(* If every block of a sequence skew-commutes with every block that is not
   its neighbour, the skew Jacobi identity [[u, v], w] = [u, [v, w]], valid
   as soon as [u, w] = 0, rewrites every bracketing into the right-nested one.  For x_k, ..., x_(n-2), x_n, y_m the
   far blocks skew-commute by the defining relations, except x_i against
   y_m = [x_(n-1), [x_(n-2), ..., x_(2n-m)]]: there x_i only fails to
   skew-commute with the letters x_(i+1), x_i, x_(i-1), and the quantum Serre
   relations give [x_i, [x_(i+1), [x_i, x_(i-1)]]] = 0. *)

From HB Require Import structures.
From mathcomp Require Import all_boot all_order all_algebra.
From mathcomp Require Import ring zify.
Set Implicit Arguments. Unset Strict Implicit. Unset Printing Implicit Defensive.
Import GRing.Theory.
Local Open Scope ring_scope.

Section Comb5.
Variables (K : fieldType) (V : lmodType K) (w1 w2 w3 w4 w5 : V).

Definition comb5 c1 c2 c3 c4 c5 := c1 *: w1 + c2 *: w2 + c3 *: w3 + c4 *: w4 + c5 *: w5.

Lemma comb5D a1 a2 a3 a4 a5 b1 b2 b3 b4 b5 :
  comb5 a1 a2 a3 a4 a5 + comb5 b1 b2 b3 b4 b5 =
  comb5 (a1 + b1) (a2 + b2) (a3 + b3) (a4 + b4) (a5 + b5).
Proof. by rewrite /comb5 !scalerDl; do 4 (rewrite addrACA; congr (_ + _)). Qed.

Lemma comb5N a1 a2 a3 a4 a5 :
  - comb5 a1 a2 a3 a4 a5 = comb5 (- a1) (- a2) (- a3) (- a4) (- a5).
Proof. by rewrite /comb5 !opprD !scaleNr. Qed.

### EXERCISE GOAL
After counting the lines of the records above that hold the word "skew", give the total and nothing else.

### ANSWER BELOW
4